> HOW TO COMPLETE THIS TASK:
From the entries below, gather every line containing the string "nontangential".

>>>>

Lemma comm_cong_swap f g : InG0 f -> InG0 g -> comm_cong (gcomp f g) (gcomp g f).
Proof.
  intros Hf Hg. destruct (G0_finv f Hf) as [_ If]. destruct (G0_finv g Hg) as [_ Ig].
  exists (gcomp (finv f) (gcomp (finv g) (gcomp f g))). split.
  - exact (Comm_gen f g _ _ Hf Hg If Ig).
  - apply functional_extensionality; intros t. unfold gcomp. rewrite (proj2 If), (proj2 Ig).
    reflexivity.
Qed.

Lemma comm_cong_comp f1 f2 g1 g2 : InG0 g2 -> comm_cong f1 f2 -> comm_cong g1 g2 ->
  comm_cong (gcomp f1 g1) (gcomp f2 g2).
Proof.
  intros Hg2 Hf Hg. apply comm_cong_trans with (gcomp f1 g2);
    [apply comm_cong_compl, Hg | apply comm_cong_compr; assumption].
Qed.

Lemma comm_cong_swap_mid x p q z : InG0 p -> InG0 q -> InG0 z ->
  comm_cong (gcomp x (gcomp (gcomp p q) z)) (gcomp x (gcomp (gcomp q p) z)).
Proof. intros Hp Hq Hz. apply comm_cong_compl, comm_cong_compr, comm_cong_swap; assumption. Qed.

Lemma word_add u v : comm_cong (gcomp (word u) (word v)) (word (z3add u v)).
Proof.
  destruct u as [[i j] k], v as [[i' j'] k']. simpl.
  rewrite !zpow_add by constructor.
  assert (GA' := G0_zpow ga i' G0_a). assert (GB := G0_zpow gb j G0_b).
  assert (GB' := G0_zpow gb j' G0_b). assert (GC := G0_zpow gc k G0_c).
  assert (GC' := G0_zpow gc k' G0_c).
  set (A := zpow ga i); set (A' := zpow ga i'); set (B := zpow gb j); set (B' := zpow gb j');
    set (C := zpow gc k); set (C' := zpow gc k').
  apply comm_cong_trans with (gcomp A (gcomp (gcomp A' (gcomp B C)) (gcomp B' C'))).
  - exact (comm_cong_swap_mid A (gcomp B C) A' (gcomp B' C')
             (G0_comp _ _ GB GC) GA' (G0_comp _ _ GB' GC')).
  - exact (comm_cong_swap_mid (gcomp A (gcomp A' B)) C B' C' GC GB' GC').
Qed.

<<<<
>>>>

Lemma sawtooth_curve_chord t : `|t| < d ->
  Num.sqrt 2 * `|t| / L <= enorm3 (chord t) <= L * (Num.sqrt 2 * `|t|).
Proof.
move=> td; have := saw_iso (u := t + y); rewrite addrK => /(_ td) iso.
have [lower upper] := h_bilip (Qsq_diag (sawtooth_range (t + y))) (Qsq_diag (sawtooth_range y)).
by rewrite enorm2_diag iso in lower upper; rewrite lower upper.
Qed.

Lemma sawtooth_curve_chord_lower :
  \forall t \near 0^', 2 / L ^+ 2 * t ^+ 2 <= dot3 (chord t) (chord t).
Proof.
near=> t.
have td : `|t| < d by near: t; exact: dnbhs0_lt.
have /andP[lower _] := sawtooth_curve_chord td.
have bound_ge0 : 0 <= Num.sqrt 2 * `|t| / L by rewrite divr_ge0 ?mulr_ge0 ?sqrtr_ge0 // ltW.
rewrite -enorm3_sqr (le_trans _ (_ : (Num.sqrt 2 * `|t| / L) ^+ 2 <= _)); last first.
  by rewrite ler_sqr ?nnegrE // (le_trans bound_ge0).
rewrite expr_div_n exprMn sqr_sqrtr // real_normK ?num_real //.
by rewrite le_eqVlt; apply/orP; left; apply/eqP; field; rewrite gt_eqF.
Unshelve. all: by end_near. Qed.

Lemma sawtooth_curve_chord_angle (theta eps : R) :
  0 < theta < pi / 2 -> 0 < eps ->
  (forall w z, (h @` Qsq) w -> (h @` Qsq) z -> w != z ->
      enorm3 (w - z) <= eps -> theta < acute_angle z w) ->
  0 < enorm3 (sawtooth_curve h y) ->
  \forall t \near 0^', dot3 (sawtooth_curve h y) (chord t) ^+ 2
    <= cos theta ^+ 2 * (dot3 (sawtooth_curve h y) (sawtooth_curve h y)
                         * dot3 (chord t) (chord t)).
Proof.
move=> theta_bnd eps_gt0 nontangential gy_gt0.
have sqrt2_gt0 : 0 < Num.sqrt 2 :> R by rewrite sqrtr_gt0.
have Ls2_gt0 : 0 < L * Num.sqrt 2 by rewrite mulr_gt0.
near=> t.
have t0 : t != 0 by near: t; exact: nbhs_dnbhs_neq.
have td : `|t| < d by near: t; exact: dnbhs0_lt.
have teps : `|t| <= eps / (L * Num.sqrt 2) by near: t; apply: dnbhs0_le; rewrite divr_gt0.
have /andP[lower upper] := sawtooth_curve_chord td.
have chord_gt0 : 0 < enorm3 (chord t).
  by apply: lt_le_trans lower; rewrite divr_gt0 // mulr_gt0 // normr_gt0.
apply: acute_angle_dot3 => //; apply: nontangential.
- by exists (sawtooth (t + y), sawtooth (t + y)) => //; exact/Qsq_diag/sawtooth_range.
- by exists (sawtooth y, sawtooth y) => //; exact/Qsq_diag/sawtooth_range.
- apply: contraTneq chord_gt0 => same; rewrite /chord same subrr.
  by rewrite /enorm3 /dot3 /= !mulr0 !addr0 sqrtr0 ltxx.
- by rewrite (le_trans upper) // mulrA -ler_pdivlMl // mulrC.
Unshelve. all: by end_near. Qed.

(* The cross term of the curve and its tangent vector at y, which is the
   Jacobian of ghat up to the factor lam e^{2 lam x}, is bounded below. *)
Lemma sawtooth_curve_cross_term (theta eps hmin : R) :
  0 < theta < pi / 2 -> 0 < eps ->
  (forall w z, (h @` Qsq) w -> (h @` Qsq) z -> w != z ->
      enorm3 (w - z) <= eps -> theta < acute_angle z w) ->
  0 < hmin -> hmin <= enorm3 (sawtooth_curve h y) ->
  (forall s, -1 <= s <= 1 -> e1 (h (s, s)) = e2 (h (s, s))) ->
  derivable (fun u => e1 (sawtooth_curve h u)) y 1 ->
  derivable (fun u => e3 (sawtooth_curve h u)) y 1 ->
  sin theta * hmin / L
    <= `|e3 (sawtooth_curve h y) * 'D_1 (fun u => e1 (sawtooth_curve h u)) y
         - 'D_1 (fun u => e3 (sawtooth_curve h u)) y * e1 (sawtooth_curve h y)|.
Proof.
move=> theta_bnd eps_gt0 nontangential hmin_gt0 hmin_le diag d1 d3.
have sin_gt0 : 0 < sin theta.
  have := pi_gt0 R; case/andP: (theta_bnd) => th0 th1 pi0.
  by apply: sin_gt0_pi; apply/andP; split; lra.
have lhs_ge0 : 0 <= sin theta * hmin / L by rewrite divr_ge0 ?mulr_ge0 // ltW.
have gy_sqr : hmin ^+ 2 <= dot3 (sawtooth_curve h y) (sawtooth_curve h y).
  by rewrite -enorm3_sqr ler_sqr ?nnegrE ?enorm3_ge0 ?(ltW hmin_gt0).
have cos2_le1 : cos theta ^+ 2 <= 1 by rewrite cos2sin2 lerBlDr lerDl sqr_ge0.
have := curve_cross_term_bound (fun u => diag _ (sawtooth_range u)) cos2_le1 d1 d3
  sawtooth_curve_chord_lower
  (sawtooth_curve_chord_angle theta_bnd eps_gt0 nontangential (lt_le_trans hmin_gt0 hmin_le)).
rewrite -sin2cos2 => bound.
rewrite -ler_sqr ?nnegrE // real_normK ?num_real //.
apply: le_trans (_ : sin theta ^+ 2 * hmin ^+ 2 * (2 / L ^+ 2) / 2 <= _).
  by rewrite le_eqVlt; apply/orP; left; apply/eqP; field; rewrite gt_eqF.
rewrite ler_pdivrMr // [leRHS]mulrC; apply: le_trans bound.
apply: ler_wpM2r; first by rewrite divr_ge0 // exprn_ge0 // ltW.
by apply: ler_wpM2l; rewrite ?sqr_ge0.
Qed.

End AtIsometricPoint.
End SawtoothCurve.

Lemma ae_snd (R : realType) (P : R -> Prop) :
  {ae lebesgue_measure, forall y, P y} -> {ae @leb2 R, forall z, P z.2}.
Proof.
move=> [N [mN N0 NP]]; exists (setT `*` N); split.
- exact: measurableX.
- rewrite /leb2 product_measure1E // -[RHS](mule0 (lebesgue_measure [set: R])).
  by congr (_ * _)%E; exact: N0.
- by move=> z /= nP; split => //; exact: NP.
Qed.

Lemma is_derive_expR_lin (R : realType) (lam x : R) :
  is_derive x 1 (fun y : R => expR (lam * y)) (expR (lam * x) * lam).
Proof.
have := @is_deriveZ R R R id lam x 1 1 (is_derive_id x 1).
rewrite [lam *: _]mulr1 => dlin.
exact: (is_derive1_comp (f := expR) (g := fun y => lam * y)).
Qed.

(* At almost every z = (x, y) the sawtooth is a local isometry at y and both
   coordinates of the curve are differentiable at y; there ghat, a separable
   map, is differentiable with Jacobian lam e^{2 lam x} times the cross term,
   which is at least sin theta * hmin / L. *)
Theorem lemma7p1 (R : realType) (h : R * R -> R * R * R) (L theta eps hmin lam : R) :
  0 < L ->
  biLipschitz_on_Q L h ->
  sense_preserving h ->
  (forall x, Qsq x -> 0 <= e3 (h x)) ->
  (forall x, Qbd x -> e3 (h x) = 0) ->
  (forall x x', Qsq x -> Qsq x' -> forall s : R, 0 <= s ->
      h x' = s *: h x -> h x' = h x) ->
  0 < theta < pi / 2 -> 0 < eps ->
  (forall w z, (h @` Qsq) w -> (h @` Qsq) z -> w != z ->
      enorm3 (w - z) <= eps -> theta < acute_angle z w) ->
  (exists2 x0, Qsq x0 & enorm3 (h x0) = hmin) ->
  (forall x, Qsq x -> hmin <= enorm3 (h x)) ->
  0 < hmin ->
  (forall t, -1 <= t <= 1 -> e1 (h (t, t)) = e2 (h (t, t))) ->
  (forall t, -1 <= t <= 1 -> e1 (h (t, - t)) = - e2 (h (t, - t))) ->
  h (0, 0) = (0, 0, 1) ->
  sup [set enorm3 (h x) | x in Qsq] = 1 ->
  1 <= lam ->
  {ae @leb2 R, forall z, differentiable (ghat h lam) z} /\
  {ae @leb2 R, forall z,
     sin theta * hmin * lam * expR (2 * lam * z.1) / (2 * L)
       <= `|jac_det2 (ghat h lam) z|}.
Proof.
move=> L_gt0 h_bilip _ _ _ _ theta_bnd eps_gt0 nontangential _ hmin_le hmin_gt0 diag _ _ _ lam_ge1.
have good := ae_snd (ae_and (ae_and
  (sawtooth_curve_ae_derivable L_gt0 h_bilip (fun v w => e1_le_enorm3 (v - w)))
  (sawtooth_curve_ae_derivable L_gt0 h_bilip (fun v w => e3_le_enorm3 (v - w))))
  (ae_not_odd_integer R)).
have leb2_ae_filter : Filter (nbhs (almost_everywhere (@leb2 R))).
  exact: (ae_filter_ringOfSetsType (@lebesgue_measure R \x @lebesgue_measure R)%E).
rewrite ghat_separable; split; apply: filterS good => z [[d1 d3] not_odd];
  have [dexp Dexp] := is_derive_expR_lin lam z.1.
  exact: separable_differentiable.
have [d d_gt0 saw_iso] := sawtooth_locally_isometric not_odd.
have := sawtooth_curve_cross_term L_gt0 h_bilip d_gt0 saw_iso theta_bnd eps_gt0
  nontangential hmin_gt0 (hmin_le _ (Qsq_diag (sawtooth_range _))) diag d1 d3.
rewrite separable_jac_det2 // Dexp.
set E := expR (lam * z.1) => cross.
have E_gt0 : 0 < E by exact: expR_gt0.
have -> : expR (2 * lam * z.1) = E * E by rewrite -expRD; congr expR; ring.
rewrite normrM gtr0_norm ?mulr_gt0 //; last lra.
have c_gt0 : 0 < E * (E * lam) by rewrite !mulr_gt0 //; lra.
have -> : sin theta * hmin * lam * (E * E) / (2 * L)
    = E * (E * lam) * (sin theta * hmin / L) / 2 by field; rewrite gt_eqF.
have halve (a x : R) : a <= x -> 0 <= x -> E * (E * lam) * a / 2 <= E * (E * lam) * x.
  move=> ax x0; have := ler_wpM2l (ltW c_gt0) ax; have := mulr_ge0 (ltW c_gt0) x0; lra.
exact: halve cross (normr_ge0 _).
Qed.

<<<<

> ANSWER TO THIS PROBLEM:
move=> theta_bnd eps_gt0 nontangential gy_gt0.
apply: acute_angle_dot3 => //; apply: nontangential.
move=> theta_bnd eps_gt0 nontangential hmin_gt0 hmin_le diag d1 d3.
  (sawtooth_curve_chord_angle theta_bnd eps_gt0 nontangential (lt_le_trans hmin_gt0 hmin_le)).
move=> L_gt0 h_bilip _ _ _ _ theta_bnd eps_gt0 nontangential _ hmin_le hmin_gt0 diag _ _ _ lam_ge1.
  nontangential hmin_gt0 (hmin_le _ (Qsq_diag (sawtooth_range _))) diag d1 d3.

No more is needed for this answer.